Of course we tried our hand at fishing and had great success. Our first catch was easily bested by our largest catch of the trip. We took turns reeling it in and was just in the process of bring it on board when the leader snapped. You can see below the size of the Mackerel we “had” on the line.
We left from Great Sale Cay at midnight on Sunday. The weather forecast was perfect, and spot on, and we crossed the Little Bahama Bank in the inky blackness. Our radar tracked two other boats all night long nine miles off our position and going in the same direction. We did not catch a glimpse of them till well after daybreak.
We made the edge of the bank around dawn. The ride had been incredibly smooth throughout the night and only got a little bouncy when we entered the gulf stream. Winds from the east kept the seas flat.
Along the way we decided to try our hand at fishing one last time before our late afternoon approach to Fort Pierce. And we got a great strike.

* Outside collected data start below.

Lemma gsum_dcx_sq_le v :
  gsum (fun i j => dcx h v i j ^+ 2) <= gsum (fun i j => dfx h v i j ^+ 2).
Proof.
have mean i j : dcx h v i j = (dfx h v i j + dfx h v (px i) j) / 2.
  by rewrite /dcx /dfx pxK; field.
apply: (@le_trans _ _ (gsum (fun i j => 2^-1 * dfx h v i j ^+ 2
                                       + 2^-1 * dfx h v (px i) j ^+ 2))).
  apply: ler_gsum => i j; rewrite mean.
  have := sqr_ge0 (dfx h v i j - dfx h v (px i) j); nra.
rewrite gsumD !gsumZ (gsum_shift (fun i j => dfx h v i j ^+ 2) (@ord_pred_inj M)); lra.
Qed.

Lemma gsum_dcy_sq_le v :
  gsum (fun i j => dcy h v i j ^+ 2) <= gsum (fun i j => dfy h v i j ^+ 2).
Proof.
rewrite -[leLHS]gsum_tr -[leRHS]gsum_tr.
exact: (gsum_dcx_sq_le (fun i j => v j i)).
Qed.

End SummationByParts.

Section PointwiseInequalities.
Variable R : realType.

(* Convexity-splitting estimate for the double well F(a) = (|a|^2 - 1)^2 / 4, whose
   gradient is f(a); the defect is (|b|^2 - |a|^2)^2 / 4 + |a|^2 |a - b|^2 / 2 >= 0. *)
Lemma double_well_lb (a1 a2 b1 b2 : R) :
  4^-1 * (a1 ^+ 2 + a2 ^+ 2 - 1) ^+ 2 - 4^-1 * (b1 ^+ 2 + b2 ^+ 2 - 1) ^+ 2
    - 2^-1 * ((a1 - b1) ^+ 2 + (a2 - b2) ^+ 2)
  <= (a1 ^+ 2 + a2 ^+ 2 - 1) * a1 * (a1 - b1) + (a1 ^+ 2 + a2 ^+ 2 - 1) * a2 * (a2 - b2).
Proof.
set s := a1 ^+ 2 + a2 ^+ 2; set t := b1 ^+ 2 + b2 ^+ 2.
have defect : (s - 1) * a1 * (a1 - b1) + (s - 1) * a2 * (a2 - b2)
  - (4^-1 * (s - 1) ^+ 2 - 4^-1 * (t - 1) ^+ 2 - 2^-1 * ((a1 - b1) ^+ 2 + (a2 - b2) ^+ 2))
  = 4^-1 * (t - s) ^+ 2 + 2^-1 * s * ((a1 - b1) ^+ 2 + (a2 - b2) ^+ 2).
  by rewrite /s /t; field.
have s_ge0 : 0 <= s by apply: addr_ge0; apply: sqr_ge0.
rewrite -subr_ge0 defect.
have := sqr_ge0 (t - s); have := sqr_ge0 (a1 - b1); have := sqr_ge0 (a2 - b2); nra.
Qed.

Lemma young_neg_mul (delta x y : R) :
  0 < delta -> - (x * y) <= delta * x ^+ 2 + (4 * delta)^-1 * y ^+ 2.
Proof.
move=> delta_gt0.
have square : delta * (x + y / (2 * delta)) ^+ 2
            = delta * x ^+ 2 + x * y + (4 * delta)^-1 * y ^+ 2 by field; lra.
have : 0 <= delta * (x + y / (2 * delta)) ^+ 2 by apply: mulr_ge0; [lra | exact: sqr_ge0].
rewrite square; lra.
Qed.

Lemma pow32_ge0 (z : R) : 0 <= z -> 0 <= pow32 z.
Proof. by move=> z_ge0; apply: mulr_ge0 => //; exact: sqrtr_ge0. Qed.

Lemma pow32_0 : pow32 (0 : R) = 0.
Proof. by rewrite /pow32 mul0r. Qed.

Lemma bdf2_young (r x y : R) :
  0 <= r -> 2 * r ^+ 2 * (y * x) <= pow32 r * x ^+ 2 + r * pow32 r * y ^+ 2.
Proof.
move=> r_ge0; rewrite /pow32; set q := Num.sqrt r.
have q_ge0 : 0 <= q by exact: sqrtr_ge0.
have -> : r = q ^+ 2 by rewrite sqr_sqrtr.
rewrite -subr_ge0.
have -> : q ^+ 2 * q * x ^+ 2 + q ^+ 2 * (q ^+ 2 * q) * y ^+ 2 - 2 * (q ^+ 2) ^+ 2 * (y * x)
        = q ^+ 3 * (x - q * y) ^+ 2 by ring.
by apply: mulr_ge0; [exact: exprn_ge0 | exact: sqr_ge0].
Qed.

(* This is where R_L comes from: the left-hand side equals
   X (tau / (4 delta) - R_L(r, s)) / (2 tau). *)
Lemma RL_dissipation (delta tau r s X : R) :
  0 < delta -> 0 < tau -> 0 <= r -> 0 <= s -> 0 <= X -> tau < 4 * delta * RL r s ->
  (8 * delta)^-1 * X - (1 + 2 * r) / (tau * (1 + r)) * X
    + pow32 r / (2 * (1 + r) * tau) * X + pow32 s / (2 * (1 + s) * tau) * X <= 0.
Proof.
move=> delta_gt0 tau_gt0 r_ge0 s_ge0 X_ge0 tau_lt.
have -> : (8 * delta)^-1 * X - (1 + 2 * r) / (tau * (1 + r)) * X
    + pow32 r / (2 * (1 + r) * tau) * X + pow32 s / (2 * (1 + s) * tau) * X
  = (2 * tau)^-1 * ((4 * delta)^-1 * (tau - 4 * delta * RL r s)) * X.
  by rewrite /RL; field; apply/and4P; split; lra.
apply: mulr_le0_ge0 => //; apply: mulr_ge0_le0; first by rewrite invr_ge0; lra.
by apply: mulr_ge0_le0; [rewrite invr_ge0; lra | lra].
Qed.

End PointwiseInequalities.

Section DiscreteEnergy.
Variables (R : realType) (M : nat) (h delta : R).
Hypotheses (h_neq0 : h != 0) (delta_gt0 : 0 < delta).
Notation gsum := (@gsum R M).

Lemma gsum_bilapM (w w' : gridfun R M) :
  gsum (fun i j => lap h (lap h w) i j * (w i j - w' i j))
  = 2^-1 * (gsum (fun i j => lap h w i j ^+ 2) - gsum (fun i j => lap h w' i j ^+ 2)
            + gsum (fun i j => lap h (fun k l => w k l - w' k l) i j ^+ 2)).
Proof.
have lapB i j : lap h (fun k l => w k l - w' k l) i j = lap h w i j - lap h w' i j.
  by rewrite /lap /d2x /d2y /dfx /dfy; ring.
rewrite gsum_lap_sym // -gsumN -!gsumD -gsumZ.
by apply: eq_gsum => i j; rewrite lapB; field.
Qed.

Lemma gsum_grad_sq_le (v : gridfun R M) :
  gsum (fun i j => dcx h v i j ^+ 2 + dcy h v i j ^+ 2)
  <= delta * gsum (fun i j => lap h v i j ^+ 2) + (4 * delta)^-1 * gsum (fun i j => v i j ^+ 2).
Proof.
have forward : gsum (fun i j => dfx h v i j ^+ 2) + gsum (fun i j => dfy h v i j ^+ 2)
             = - gsum (fun i j => lap h v i j * v i j).
  by rewrite gsum_lapM opprK -gsumD; apply: eq_gsum => i j; rewrite !expr2.
rewrite gsumD (le_trans (lerD (gsum_dcx_sq_le h_neq0 v) (gsum_dcy_sq_le h_neq0 v))) //.
rewrite forward -gsumN -!gsumZ -gsumD; apply: ler_gsum => i j.
exact: young_neg_mul.
Qed.

Lemma gsum_gdiv_fgrad_lb (w w' : gridfun R M) :
  4^-1 * gsum (fun i j => gradsq1 h w i j ^+ 2) - 4^-1 * gsum (fun i j => gradsq1 h w' i j ^+ 2)
  - 2^-1 * gsum (fun i j => dcx h (fun k l => w k l - w' k l) i j ^+ 2
                           + dcy h (fun k l => w k l - w' k l) i j ^+ 2)
  <= - gsum (fun i j => gdiv h (fgrad1 h w) (fgrad2 h w) i j * (w i j - w' i j)).
Proof.
rewrite gsum_gdivM opprK -!gsumZ -!gsumN -!gsumD; apply: ler_gsum => i j.
have -> : dcx h (fun k l => w k l - w' k l) i j = dcx h w i j - dcx h w' i j.
  by rewrite /dcx; ring.
have -> : dcy h (fun k l => w k l - w' k l) i j = dcy h w i j - dcy h w' i j.
  by rewrite /dcy; ring.
exact: double_well_lb.
Qed.

Lemma EnergyE (v : gridfun R M) : Energy h delta v
  = h ^+ 2 * (delta / 2 * gsum (fun i j => lap h v i j ^+ 2)
              + 1 / 4 * gsum (fun i j => gradsq1 h v i j ^+ 2)).
Proof. by rewrite /Energy !gnorm_sq; ring. Qed.

(* The double-well part costs |grad_h (w - w')|^2 / 2, which is absorbed by
   delta |lap_h (w - w')|^2 / 2 up to |w - w'|^2 / (8 delta). *)
Lemma energy_step (w w' D : gridfun R M) :
  (forall i j, D i j + delta * lap h (lap h w) i j
               - gdiv h (fgrad1 h w) (fgrad2 h w) i j = 0) ->
  ginner h D (fun i j => w i j - w' i j) + Energy h delta w - Energy h delta w'
  <= (8 * delta)^-1 * Defs.gnorm h (fun i j => w i j - w' i j) ^+ 2.
Proof.
move=> scheme; set v := fun i j => w i j - w' i j.
have tested : gsum (fun i j => D i j * v i j)
  + delta * gsum (fun i j => lap h (lap h w) i j * v i j)
  - gsum (fun i j => gdiv h (fgrad1 h w) (fgrad2 h w) i j * v i j) = 0.
  rewrite -gsumZ -gsumN -!gsumD -(gsum0 R M); apply: eq_gsum => i j.
  by rewrite -[0](mul0r (v i j)) -(scheme i j); ring.
have bilap : delta * gsum (fun i j => lap h (lap h w) i j * v i j)
  = delta / 2 * (gsum (fun i j => lap h w i j ^+ 2) - gsum (fun i j => lap h w' i j ^+ 2)
                 + gsum (fun i j => lap h v i j ^+ 2)).
  by rewrite gsum_bilapM mulrA.
have nonlin := gsum_gdiv_fgrad_lb w w'.
have grad := gsum_grad_sq_le v.
have e8 : (8 * delta)^-1 = 2^-1 * (4 * delta)^-1 by field; rewrite gt_eqF.
rewrite -/v in nonlin.
have core : gsum (fun i j => D i j * v i j)
    + (delta / 2 * gsum (fun i j => lap h w i j ^+ 2)
       + 1 / 4 * gsum (fun i j => gradsq1 h w i j ^+ 2))
    - (delta / 2 * gsum (fun i j => lap h w' i j ^+ 2)
       + 1 / 4 * gsum (fun i j => gradsq1 h w' i j ^+ 2))
  <= (8 * delta)^-1 * gsum (fun i j => v i j ^+ 2) by rewrite e8; lra.
rewrite ginnerE !EnergyE gnorm_sq; have := sqr_ge0 h; nra.
Qed.

End DiscreteEnergy.

Section BDF2Scheme.
Variables (R : realType) (M N : nat) (h delta : R) (tau r : nat -> R).
Variable u : nat -> gridfun R M.
Hypotheses (h_neq0 : h != 0) (delta_gt0 : 0 < delta).
Hypothesis tau_gt0 : forall n, (1 <= n <= N)%N -> 0 < tau n.
Hypothesis r1 : r 1%N = 0.
Hypothesis r_ratio : forall n, (2 <= n <= N)%N -> r n = tau n / tau n.-1.
Hypothesis rS_ge0 : forall n, (1 <= n <= N)%N -> 0 <= r n.+1.
Hypothesis scheme : forall n, (1 <= n <= N)%N -> forall i j,
  D2 tau r u n i j + delta * lap h (lap h (u n)) i j
    - gdiv h (fgrad1 h (u n)) (fgrad2 h (u n)) i j = 0.
Hypothesis tau_lt_RL : forall n, (1 <= n <= N)%N -> tau n < 4 * delta * RL (r n) (r n.+1).

Local Notation du n := (fun i j => u n i j - u n.-1 i j).
Local Notation E n := (Energy h delta (u n)).
Local Notation ME n := (ModEnergy h delta tau r u n).

Lemma ginner_bdf2_young (s : R) (v w : gridfun R M) : 0 <= s ->
  2 * s ^+ 2 * ginner h w v
  <= pow32 s * Defs.gnorm h v ^+ 2 + s * pow32 s * Defs.gnorm h w ^+ 2.
Proof.
move=> s_ge0; rewrite ginnerE !gnorm_sq.
have young : gsum (fun i j => 2 * s ^+ 2 * (w i j * v i j))
  <= gsum (fun i j => pow32 s * v i j ^+ 2 + s * pow32 s * w i j ^+ 2).
  by apply: ler_gsum => i j; exact: bdf2_young.
rewrite gsumD !gsumZ in young; have := sqr_ge0 h; nra.
Qed.

Lemma ginner_D2_1 :
  ginner h (D2 tau r u 1) (du 1%N) = 2 / tau 1%N * Defs.gnorm h (du 1%N) ^+ 2.
Proof.
rewrite ginnerE gnorm_sq mulrCA -[in RHS]gsumZ; congr (_ * _).
by apply: eq_gsum => i j; rewrite /D2 /b0 /= expr2 mulrA.
Qed.

Lemma ginner_D2 n : (2 <= n)%N -> ginner h (D2 tau r u n) (du n)
  = (1 + 2 * r n) / (tau n * (1 + r n)) * Defs.gnorm h (du n) ^+ 2
    - r n ^+ 2 / (tau n * (1 + r n)) * ginner h (du n.-1) (du n).
Proof.
move=> n_ge2; have n_neq1 : (n == 1)%N = false by case: n n_ge2 => [|[|]].
rewrite !ginnerE gnorm_sq [in RHS]mulrCA [in X in _ - X]mulrCA -mulrBr.
congr (_ * _); rewrite -!gsumZ -gsumN -gsumD; apply: eq_gsum => i j.
by rewrite /D2 /b0 /b1 n_neq1; ring.
Qed.

Lemma r_ge0 n : (1 <= n <= N)%N -> 0 <= r n.
Proof.
case: n => [|[|n]] //= => [_ | n_le]; first by rewrite r1.
by rewrite r_ratio // divr_ge0 // ltW // tau_gt0 //=; lia.
Qed.

Lemma ModEnergyS n : (1 <= n)%N ->
  ME n = E n + pow32 (r n.+1) / (2 * (1 + r n.+1) * tau n) * Defs.gnorm h (du n) ^+ 2.
Proof. by case: n. Qed.

Lemma Energy_le_ModEnergy n : (1 <= n <= N)%N -> E n <= ME n.
Proof.
move=> n_range; rewrite ModEnergyS; last by case/andP: n_range.
rewrite lerDl; apply: mulr_ge0; last exact: sqr_ge0.
have r_ge0' := rS_ge0 n_range; have tau_n := tau_gt0 n_range.
by apply: divr_ge0; [exact: pow32_ge0 | apply: mulr_ge0; lra].
Qed.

We entered the Fort Pierce inlet at 5PM and anchored for the night just south of Harbor Isle. At 8AM we pulled into the lift slip at Cracker Boys Marina and their new 75 ton remote travel lift easily plucked us from the water. We expect to be one week on the hard getting the bottom painted, fluids changed and other minor work before we splash and head to St Simons GA for a six week layover at Morningstar Marina.